# my WHITE b14...



## whiteb14 (Jul 7, 2002)

*my WHITE b14... RATE MY RIDE!*


----------



## whiteb14 (Jul 7, 2002)

the site is down for a lil while... ill fix it asap


----------



## whiteb14 (Jul 7, 2002)

OK...


----------



## import02 (Oct 16, 2002)

nice, what kind of drop is that. progress springs?


----------



## whiteb14 (Jul 7, 2002)

bro... no lie... i think they're arospeed. i got em off some guy for $30... they're bright yellow. it was such a steal that i said f*** it  who else makes yellow springs besides arospeed and goldline?? its a 2" drop btw


----------



## import02 (Oct 16, 2002)

yea i have a 1.7 drop and i hate that dip in the back like your car, you know anyway to fix that


----------



## whiteb14 (Jul 7, 2002)

what i might do is cut one coil on the front springs to even it out... i know thats kinda shitty but it will solve the problem. the ride is of course bumpy but it because im still on the stock shocks


----------



## sethwas (Apr 30, 2002)

Hey,
Where was that FL meet at it looks familiar (especially the big pink building in the backround.

Seth


----------



## whiteb14 (Jul 7, 2002)

it was at Tamiami Park (where the youth fair is held every year)


----------



## Chicago Tony (Apr 15, 2003)

That looks very good.

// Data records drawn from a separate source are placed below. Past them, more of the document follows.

Lemma mdehomog_chart_neq0 : G != 0 -> C != 0.
Proof.
move=> nzG; rewrite (mdehomog_eq0 homog_chart).
by apply: contraNneq nzG => H0; rewrite -chartK H0 comp_mpoly0.
Qed.

Lemma mord0_chart : G != 0 -> mord0 C = mord0 (G \mPo mshift q).
Proof.
move=> /mdehomog_chart_neq0 nzC.
have nzA : G \mPo mshift q != 0.
  by apply: contraNneq nzC => A0; rewrite mdehomog_chart A0 comp_mpoly0.
apply/eqP; rewrite eqn_leq; apply/andP; split.
  apply: leq_mord0 nzA _; rewrite shift_chart.
  apply: comp_mord_ge_mdehomog homog_chart _ (mord_ge_mord0 _) => j.
  by rewrite !tnth_mktuple lift_eqF add0r lform_mord_ge.
apply: leq_mord0 nzC _; rewrite mdehomog_chart.
by apply: comp_mord_ge (mord_ge_mord0 _) => i; rewrite tnth_mktuple lform_mord_ge.
Qed.

Lemma mord0_shift_le : G != 0 -> (mord0 (G \mPo mshift q) <= d)%N.
Proof.
move=> nzG; rewrite -mord0_chart // -ltnS.
exact: leq_trans (mord0_lt_msize (mdehomog_chart_neq0 nzG)) (msize_mdehomog homog_chart).
Qed.

Lemma homog_chart_mord0 : mord0 C = d -> C \is d.-homog.
Proof.
move=> ordC; apply/allP => m mC; rewrite /= eqn_leq -ltnS.
rewrite (leq_trans (msize_mdeg_lt mC) (msize_mdehomog homog_chart)) /=.
by rewrite -ordC mord0_le_mdeg.
Qed.

Lemma chart_lines : mord0 C = d ->
  G = C \mPo [tuple tnth (mlin (invmx B)^T) (lift ord0 j) | j < n].
Proof.
move=> /homog_chart_mord0 homC.
rewrite -{1}chartK {1}(mdehomogK homog_chart homC) comp_mpolyA.
congr (C \mPo _); apply: eq_from_tnth => j.
by rewrite !tnth_mktuple comp_mpolyXU -tnth_nth tnth_mktuple.
Qed.

Local Notation T := (rowsub (lift ord0) (invmx B)^T).

Lemma lform_chart_lines (a : 'rV[F]_n) :
  lform a \mPo [tuple tnth (mlin (invmx B)^T) (lift ord0 j) | j < n] = lform (a *m T).
Proof.
rewrite -lform_comp_lform; congr (_ \mPo _); apply: eq_from_tnth => j.
by rewrite !tnth_mktuple row_rowsub.
Qed.

Lemma chart_line_through (a : 'rV[F]_n) : \sum_(i < n.+1) (a *m T) 0 i * q 0 i = 0.
Proof.
under eq_bigr => i _ do rewrite mxE mulr_suml.
rewrite exchange_big big1 // => j _.
under eq_bigr => i _ do rewrite -mulrA; rewrite -mulr_sumr.
have := congr1 (fun M : 'M[F]_n.+1 => M ord0 (lift ord0 j)) (mulmxV unitB).
rewrite !mxE eq_liftF => BBi0.
suff -> : \sum_(i < n.+1) T j i * q 0 i = 0 by rewrite mulr0.
by rewrite -[RHS]/(false%:R) -BBi0; apply: eq_bigr => i _; rewrite !mxE mulrC.
Qed.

Very clean looking. You doing anything else to the exterior?


----------



## whiteb14 (Jul 7, 2002)

Chicago Tony said:


> *That looks very good. Very clean looking. You doing anything else to the exterior? *


im trying to find the SE side skirts, 98 grille and a spoiler and im pretty much done w/ the outside.


----------



## Shawn (Sep 18, 2002)

Shaved and layin' frame


----------



## whiteb14 (Jul 7, 2002)

thats bad ass... would it be too hard to make the SE-R rims like bronze or gunmetal?


----------



## Exalta (Jan 21, 2003)

nice sunny emblems


----------



## dry (Oct 21, 2002)

Love your car... gunmetal rims were easy... heres a link...
http://www.nissanforums.com/showthread.php?s=&postid=109405#post109405
Your car reminds me of mine, just recolored  I like it


----------



## whiteb14 (Jul 7, 2002)

DryBoy said:


> *Love your car... gunmetal rims were easy... heres a link...
> http://www.nissanforums.com/showthread.php?s=&postid=109405#post109405
> Your car reminds me of mine, just recolored  I like it *


thanks dryboy... same thing here... our rides are the same


----------



## Sentrixx (Apr 30, 2002)

Shawnsilverb14 said:


> *
> 
> Shaved and layin' frame *



Don't you mean pan?


----------



## MP2050 (May 1, 2002)

I really like your white mirrors.....


----------



## whiteb14 (Jul 7, 2002)

MP2050 said:


> *I really like your white mirrors..... *


those white mirrors are there in memory of ur ride...


R . I . P
mp2050's B14
"was indeed the true white b14"
1998-2003


----------



## MP2050 (May 1, 2002)

whiteb14 said:


> *those white mirrors are there in memory of ur ride...
> 
> 
> R . I . P
> ...



AHHHH mannnn--U gonna MAKE ME CRY yo.....  -  


Enjoy them man and the ride looks so CLEAN--Keep up the good work!!


----------



## whiteb14 (Jul 7, 2002)

thanks MP it means a lot :cheers:


----------



## Sentrixx (Apr 30, 2002)

MP where were you sat for the meet?


----------



## Shawn (Sep 18, 2002)

A bit darker wheels...


----------



## whiteb14 (Jul 7, 2002)

thanks shawn... im actually gonna paint my se-r wheels gunmetal 2morrow and saturday... ill post pics as soon as im done with them


----------